Q. What are you most excited about with this work?
LISA GOLDMAN ROSAS (Stanford): I am most excited to provide data to our partners that will impact food insecurity policies in primary care settings. I’m hopeful that process, and our partnership, will improve treatment of food insecurity and management of chronic disease for more people.
AMY LAZARUS YAROCH (Gretchen Swanson Center for Nutrition): We are most excited to learn how produce prescription projects work and under what conditions. We’re eager to translate and share what we learn so that we, and others, can reduce the burden of chronic disease and food insecurity.

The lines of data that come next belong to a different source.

Definition matapp m n (A : nmat m n) (a : nvec n) : nvec m :=
  fun i => (\sum_(j < n) A i j * a j)%nat.
Definition mmul l m n (A : nmat l m) (B : nmat m n) : nmat l n :=
  fun k j => (\sum_(i < m) A k i * B i j)%nat.
Definition colv m n (B : nmat m n) (j : 'I_n) : nvec m := fun i => B i j.
Definition unitv n (j : 'I_n) : nvec n := fun i => nat_of_bool (i == j).
Definition idmat n : nmat n n := fun i j => nat_of_bool (i == j).
Arguments idmat : clear implicits.
Definition permmat n (s : {perm 'I_n}) : nmat n n :=
  fun i j => nat_of_bool (i == s j).

Lemma mmulA l m n p (A : nmat l m) (B : nmat m n) (C : nmat n p) :
  mmul (mmul A B) C = mmul A (mmul B C).
Proof.
apply: functional_extensionality => k; apply: functional_extensionality => j.
rewrite /mmul.
under eq_bigr => i _ do rewrite big_distrl.
rewrite exchange_big /=; apply: eq_bigr => i _; rewrite big_distrr /=.
by apply: eq_bigr => r _; rewrite mulnA.
Qed.

Lemma mmul1l m n (A : nmat m n) : mmul (idmat m) A = A.
Proof.
apply: functional_extensionality => k; apply: functional_extensionality => j.
rewrite /mmul /idmat (bigD1 k) //= eqxx big1 ?addn0; first exact: mul1n.
by move=> i /negPf; rewrite eq_sym => ->.
Qed.

Lemma mmul1r m n (A : nmat m n) : mmul A (idmat n) = A.
Proof.
apply: functional_extensionality => k; apply: functional_extensionality => j.
rewrite /mmul /idmat (bigD1 j) //= eqxx big1 ?addn0; first exact: muln1.
by move=> i /negPf ->; rewrite muln0.
Qed.

Lemma matapp_mmul l m n (A : nmat l m) (B : nmat m n) (a : nvec n) k :
  matapp A (matapp B a) k = matapp (mmul A B) a k.
Proof.
rewrite /matapp /mmul.
under eq_bigr => i _ do rewrite big_distrr.
rewrite exchange_big /=; apply: eq_bigr => j _; rewrite big_distrl /=.
by apply: eq_bigr => r _; rewrite mulnA.
Qed.

Import GRing.Theory.
Local Open Scope ring_scope.

Record onemor (m n : nat) := OneMor {
  mR : nmat m n;
  mS : forall (i : 'I_m) (a : nvec n), 'M[CC]_(matapp mR a i)
}.

Definition gauge_ok m n (f : onemor m n) : Prop :=
  (forall i a, mS f i a \in unitmx) /\
  (forall i j, mS f i (unitv j) = 1%:M).

Definition trivg m n (R : nmat m n) : forall i a, 'M[CC]_(matapp R a i) :=
  fun i a => 1%:M.

Definition Idm n : onemor n n := OneMor (@trivg n n (idmat n)).
Arguments Idm : clear implicits.

Definition bdiag m (p q : 'I_m -> nat) (D : forall i, 'M[CC]_(p i, q i)) :
    'M[CC]_((\sum_i p i)%nat, (\sum_i q i)%nat) :=
  mxblock (fun i i' : 'I_m =>
    match i =P i' with
    | ReflectT e => castmx (erefl (p i), f_equal q e) (D i)
    | ReflectF _ => 0
    end).

(* The "fixed permutation matrices" P(R~_k, R, a) of the construction of
   2Mat_C are not specified; we take them as a parameter. *)
Definition Pfam :=
  forall (l m n : nat) (Rt : nmat l m) (R : nmat m n) (k : 'I_l) (a : nvec n),
    'M[CC]_(matapp Rt (matapp R a) k, matapp (mmul Rt R) a k).

Definition is_permmx p q (M : 'M[CC]_(p, q)) : Prop :=
  exists f : 'I_q -> 'I_p, bijective f /\ forall r c, M r c = (r == f c)%:R.
Definition is_idmx p q (M : 'M[CC]_(p, q)) : Prop :=
  forall (r : 'I_p) (c : 'I_q), M r c = ((r : nat) == c)%:R.
Definition is_stdbasis n (a : nvec n) : Prop :=
  exists j : 'I_n, forall i, a i = nat_of_bool (i == j).

Definition Pfam_ok (P : Pfam) : Prop :=
  forall l m n (Rt : nmat l m) (R : nmat m n) k a,
    is_permmx (P l m n Rt R k a) /\
    (is_stdbasis (Rt k) \/ is_stdbasis a \/
     (m = n /\ forall i j, R i j = nat_of_bool ((i : nat) == j)) \/ n = 1%nat ->
     is_idmx (P l m n Rt R k a)).

Definition comp (P : Pfam) l m n (Ft : onemor l m) (F : onemor m n) : onemor l n :=
  @OneMor l n (mmul (mR Ft) (mR F)) (fun k a =>
    castmx (matapp_mmul (mR Ft) (mR F) a k, erefl _)
      (mS Ft k (matapp (mR F) a)
       *m bdiag (p := fun i => (mR Ft k i * matapp (mR F) a i)%nat)
                (q := fun i => (mR Ft k i * matapp (mR F) a i)%nat)
                (fun i => tensmx (1%:M : 'M[CC]_(mR Ft k i)) (mS F i a))
       *m P l m n (mR Ft) (mR F) k a
       *m bdiag (p := fun j => (mmul (mR Ft) (mR F) k j * a j)%nat)
                (q := fun j => (mmul (mR Ft) (mR F) k j * a j)%nat)
                (fun j => tensmx (invmx (mS Ft k (colv (mR F) j)))
                                 (1%:M : 'M[CC]_(a j))))).

Arguments comp P {l m n} Ft F.

Definition Two m n (R R' : nmat m n) := forall i j, 'M[CC]_(R' i j, R i j).

Definition vcomp m n (R1 R2 R3 : nmat m n) (T' : Two R2 R3) (T : Two R1 R2) :
  Two R1 R3 := fun i j => T' i j *m T i j.

Definition id2 m n (R : nmat m n) : Two R R := fun i j => 1%:M.

Definition inv2 m n (R R' : nmat m n) (T : Two R R') : Prop :=
  exists T' : Two R' R, vcomp T' T = id2 R /\ vcomp T T' = id2 R'.

Definition cast2 m n (R1 R1' R2 R2' : nmat m n) (e1 : R1 = R1') (e2 : R2 = R2')
  (T : Two R1 R2) : Two R1' R2' :=
  match e1 in _ = X1, e2 in _ = X2 return Two X1 X2 with
  | erefl, erefl => T end.

Definition hcomp l m n (Ft Ft' : onemor l m) (F F' : onemor m n)
  (Tt : Two (mR Ft) (mR Ft')) (T : Two (mR F) (mR F')) :
  Two (mmul (mR Ft) (mR F)) (mmul (mR Ft') (mR F')) :=
  fun k j =>
    mS Ft' k (colv (mR F') j)
    *m bdiag (p := fun i => (mR Ft' k i * mR F' i j)%nat)
             (q := fun i => (mR Ft k i * mR F i j)%nat)
             (fun i => tensmx (Tt k i) (T i j))
    *m invmx (mS Ft k (colv (mR F) j)).
Arguments hcomp {l m n} Ft Ft' F F' Tt T.

(* rectangular "scalar" matrix: a on the diagonal (used for 1x1 / empty) *)
Definition rectsc p q (a : CC) : 'M[CC]_(p, q) :=
  \matrix_(r, c) (if (r : nat) == c then a else 0).

Record quad (G : Special2Group) (n : nat) := Quad {
  qrho : obj G -> {perm 'I_n};
  qbeta : mor G -> 'I_n -> CC;        (* meaningful on pi_1 = Aut(e) *)
  qc : obj G -> obj G -> 'I_n -> CC
}.

Section Quad.
Variables (G : Special2Group) (n : nat).

Definition cobound2 (rho : obj G -> {perm 'I_n})
    (c : obj G -> obj G -> 'I_n -> CC) (x y z : obj G) (i : 'I_n) : CC :=
  c y z (((rho x)^-1)%g i) * c x (omul y z) i / (c (omul x y) z i * c x y i).

Definition normalized_cochain2 (c : obj G -> obj G -> 'I_n -> CC) : Prop :=
  (forall x y i, c x y i != 0) /\
  (forall x i, c (oe G) x i = 1 /\ c x (oe G) i = 1).

Definition admissible (q : quad G n) : Prop :=
  (0 < n)%nat /\
  (forall x y i, qrho q (omul x y) i = qrho q x (qrho q y i)) /\
  (forall u i, in_pi1 u -> qbeta q u i != 0) /\
  (forall u v i, in_pi1 u -> in_pi1 v ->
     qbeta q (mcmp u v) i = qbeta q u i * qbeta q v i) /\
  (forall x u i, in_pi1 u ->
     qbeta q (pi1_act x u) i = qbeta q u (((qrho q x)^-1)%g i)) /\
  (* [beta o alpha] = 0 *)
  (exists c', normalized_cochain2 c' /\
     forall x y z i, cobound2 (qrho q) c' x y z i = qbeta q (alpha3 x y z) i) /\
  normalized_cochain2 (qc q) /\
  (forall x y z i, cobound2 (qrho q) (qc q) x y z i = qbeta q (alpha3 x y z) i).

Definition Fobj (q : quad G n) (x : obj G) : onemor n n :=
  OneMor (@trivg n n (permmat (qrho q x))).

(* F(phi), phi in Aut(g): entry beta(gamma_g^{-1} phi)_{rho(g)(j)} at
   (rho(g)(j), j), empty elsewhere *)
Definition Fmor (q : quad G n) (phi : mor G) :
  Two (permmat (qrho q (src phi))) (permmat (qrho q (src phi))) :=
  fun i j => (qbeta q (gammaInv (src phi) phi) i)%:M.

Definition F2 (q : quad G n) (x y : obj G) :
  Two (mmul (permmat (qrho q x)) (permmat (qrho q y)))
      (permmat (qrho q (omul x y))) :=
  fun i j => rectsc _ _ (qc q x y i).

Definition F0 (q : quad G n) : Two (idmat n) (permmat (qrho q (oe G))) :=
  fun i j => rectsc _ _ 1.

End Quad.

Section Intertwiners.
Variables (P : Pfam) (G : Special2Group) (n n' : nat)
          (q : quad G n) (q' : quad G n').

Definition PhiType (f : onemor n' n) :=
  forall x : obj G,
    Two (mmul (permmat (qrho q' x)) (mR f)) (mmul (mR f) (permmat (qrho q x))).

Definition is1int (f : onemor n' n) (Phi : PhiType f) : Prop :=
  gauge_ok f /\
  (forall x, inv2 (Phi x)) /\
  (forall phi : mor G,
     vcomp (Phi (src phi))
       (hcomp (Fobj q' (src phi)) (Fobj q' (src phi)) f f
              (Fmor q' phi) (id2 (mR f)))
     = vcomp (hcomp f f (Fobj q (src phi)) (Fobj q (src phi))
                    (id2 (mR f)) (Fmor q phi))
             (Phi (src phi))) /\
  (forall x y : obj G,
     vcomp (Phi (omul x y))
       (hcomp (comp P (Fobj q' x) (Fobj q' y)) (Fobj q' (omul x y)) f f
              (F2 q' x y) (id2 (mR f)))
     = vcomp (hcomp f f (comp P (Fobj q x) (Fobj q y)) (Fobj q (omul x y))
                    (id2 (mR f)) (F2 q x y))
         (vcomp
           (cast2 (erefl _) (mmulA (mR f) _ _)
              (hcomp (comp P (Fobj q' x) f) (comp P f (Fobj q x))
                     (Fobj q y) (Fobj q y) (Phi x) (id2 _)))
           (cast2 (esym (mmulA _ _ (mR f))) (esym (mmulA _ (mR f) _))
              (hcomp (Fobj q' x) (Fobj q' x)
                     (comp P (Fobj q' y) f) (comp P f (Fobj q y))
                     (id2 _) (Phi y))))) /\
  (cast2 (etrans (mmul1l (mR f)) (esym (mmul1r (mR f)))) (erefl _)
     (vcomp (Phi (oe G))
        (hcomp (Idm n') (Fobj q' (oe G)) f f (F0 q') (id2 (mR f))))
   = hcomp f f (Idm n) (Fobj q (oe G)) (id2 (mR f)) (F0 q)).

Record Int1 := MkInt1 {
  i_f : onemor n' n;
  i_Phi : PhiType i_f;
  i_ok : is1int i_Phi
}.

Definition is2int (X Y : Int1) (tau : Two (mR (i_f X)) (mR (i_f Y))) : Prop :=
  forall x : obj G,
    vcomp (i_Phi Y x)
      (hcomp (Fobj q' x) (Fobj q' x) (i_f X) (i_f Y) (id2 _) tau)
    = vcomp (hcomp (i_f X) (i_f Y) (Fobj q x) (Fobj q x) tau (id2 _))
            (i_Phi X x).

Definition int_category_terminal : Prop :=
  (exists X : Int1, forall Y : Int1, Y = X) /\
  (forall X Y : Int1, exists tau, @is2int X Y tau /\
      forall tau', @is2int X Y tau' -> tau' = tau).

Definition Ibb (i' : 'I_n') (i : 'I_n) : Prop :=
  forall u, in_pi1 u -> qbeta q' u i' = qbeta q u i.

Definition Mact (p : 'I_n' * 'I_n) (x : obj G) : 'I_n' * 'I_n :=
  (((qrho q' x)^-1)%g p.1, ((qrho q x)^-1)%g p.2).
Definition Morbit (p : 'I_n' * 'I_n) : 'I_n' * 'I_n -> Prop :=
  fun p' => exists x, p' = Mact p x.
Definition intertwining_orbit (p : 'I_n' * 'I_n) : Prop :=
  forall p', Morbit p p' -> Ibb p'.1 p'.2.

Definition Sup (R : nmat n' n) (p : 'I_n' * 'I_n) : Prop := R p.1 p.2 <> 0%nat.

End Intertwiners.

(* Φ(g) is an invertible 2-morphism F'(g) ∘ f ⇒ f ∘ F(g), so its blocks are
   square; comparing the sizes R_{ρ'(g)i',ρ(g)i} and R_{i'i} of the two sides
   gives invariance of R.  For u ∈ π₁ both F(u) and F'(u) are scalar, and
   conjugating a scalar block by the gauge of f leaves it unchanged, so
   naturality at u reads Φ(e)_{i'i} β'(u)_{i'} = β(u)_i Φ(e)_{i'i}; as Φ(e)_{i'i}
   is invertible and non-empty on the support, β'(u)_{i'} = β(u)_i there.  If
   I(β,β') is empty, every 1-intertwiner thus has R = 0: all of its data are
   empty matrices, and the category of intertwiners collapses to a point. *)

From mathcomp Require Import all_boot all_order all_algebra all_fingroup.
From mathcomp Require Import complex mxtens Rstruct.
From Stdlib Require Import ClassicalEpsilon FunctionalExtensionality ProofIrrelevance.

Set Implicit Arguments.
Unset Strict Implicit.
Unset Printing Implicit Defensive.

Import GRing.Theory.
Local Open Scope ring_scope.

Lemma mx_nrows0_eq (R : Type) m n (A B : 'M[R]_(m, n)) : m = 0%N -> A = B.
Proof. by move=> m0; subst m; apply/matrixP => -[]. Qed.

Lemma tensmx_scalar (R : comPzRingType) m n (x y : R) :
  tensmx (x%:M : 'M_m) (y%:M : 'M_n) = (x * y)%:M.
Proof.
apply/matrixP => i j.
case: (mxtens_indexP i) => i0 i1; case: (mxtens_indexP j) => j0 j1.
rewrite tensmxE !mxE (inj_eq (can_inj (@mxtens_indexK m n))) xpair_eqE.
by case: (i0 == j0); case: (i1 == j1); rewrite ?mulr1n ?mulr0n ?mulr0 ?mul0r.
Qed.

Lemma mx_inverse_square (F : fieldType) m n (A : 'M[F]_(m, n)) (B : 'M[F]_(n, m)) :
  B *m A = 1%:M -> A *m B = 1%:M -> m = n.
Proof.
move=> BA1 AB1; apply/eqP; rewrite eqn_leq.
have rkB := mxrankM_maxl B A; rewrite BA1 mxrank1 in rkB.
have rkA := mxrankM_maxl A B; rewrite AB1 mxrank1 in rkA.
by rewrite (leq_trans rkA (rank_leq_col A)) (leq_trans rkB (rank_leq_col B)).
Qed.

Lemma conj_scalar_mx (F : comUnitRingType) N (A : 'M[F]_N) (c : F) :
  A \in unitmx -> A *m c%:M *m invmx A = c%:M.
Proof. by move=> Aunit; rewrite scalar_mxC -mulmxA mulmxV ?mulmx1. Qed.

Lemma bdiag_scalar m (p : 'I_m -> nat) (D : forall i, 'M[CC]_(p i, p i)) (c : CC) :
  (forall i, p i != 0%N -> D i = c%:M) -> bdiag (p := p) (q := p) D = c%:M.
Proof.
move=> Dc; rewrite -(mxdiagZ (p_ := p)) /bdiag /mxdiag; apply/eq_mxblock => i i'.
case: (i =P i') => [e|//]; subst i'; rewrite castmx_id conform_mx_id.
by case: (eqVneq (p i) 0%N) => [/mx_nrows0_eq|/Dc].
Qed.

Definition nmat0 {m n} : nmat m n := fun _ _ => 0%N.

Lemma mmul0m l m n (A : nmat l m) (B : nmat m n) : A =2 nmat0 -> mmul A B =2 nmat0.
Proof. by move=> A0 i j; rewrite /mmul big1 // => k _; rewrite A0 mul0n. Qed.

Lemma mmulm0 l m n (A : nmat l m) (B : nmat m n) : B =2 nmat0 -> mmul A B =2 nmat0.
Proof. by move=> B0 i j; rewrite /mmul big1 // => k _; rewrite B0 muln0. Qed.

Section NatMatrices.
Variables m n : nat.

Lemma mmul_permmatl (s : {perm 'I_m}) (R : nmat m n) i j :
  mmul (permmat s) R i j = R ((s^-1)%g i) j.
Proof.
rewrite /mmul /permmat (bigD1 ((s^-1)%g i)) //= permKV eqxx mul1n big1 ?addn0 //.
by move=> k /negPf kNi; case: eqP => // e; move: kNi; rewrite e permK eqxx.
Qed.

Lemma mmul_permmatr (s : {perm 'I_n}) (R : nmat m n) i j :
  mmul R (permmat s) i j = R i (s j).
Proof.
rewrite /mmul /permmat (bigD1 (s j)) //= eqxx muln1 big1 ?addn0 //.
by move=> k /negPf ->; rewrite muln0.
Qed.

Lemma Two_eq_target0 (A B : nmat m n) (T1 T2 : Two A B) : B =2 nmat0 -> T1 = T2.
Proof.
move=> B0; apply: functional_extensionality_dep => i.
by apply: functional_extensionality_dep => j; apply: mx_nrows0_eq; rewrite B0.
Qed.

STEVEN CHEN (ALL IN Alameda County): ALL IN Alameda County’s Food as Medicine initiative looks forward to working with Stanford to provide critical research, evaluation and feedback to ensure that the work we are doing supports the needs of Alameda County residents experiencing food insecurity, social isolation, and living with chronic conditions such as diabetes, hypertension, depression, and anxiety. We are excited to see the impact of sourcing Food as Medicine from regeneratively grown food and seeing the impact on the environment, and the impact on public safety as we increase green economy jobs. Finally, we are excited to see the practice transformation that can occur at Federally Qualified Health Centers by this model.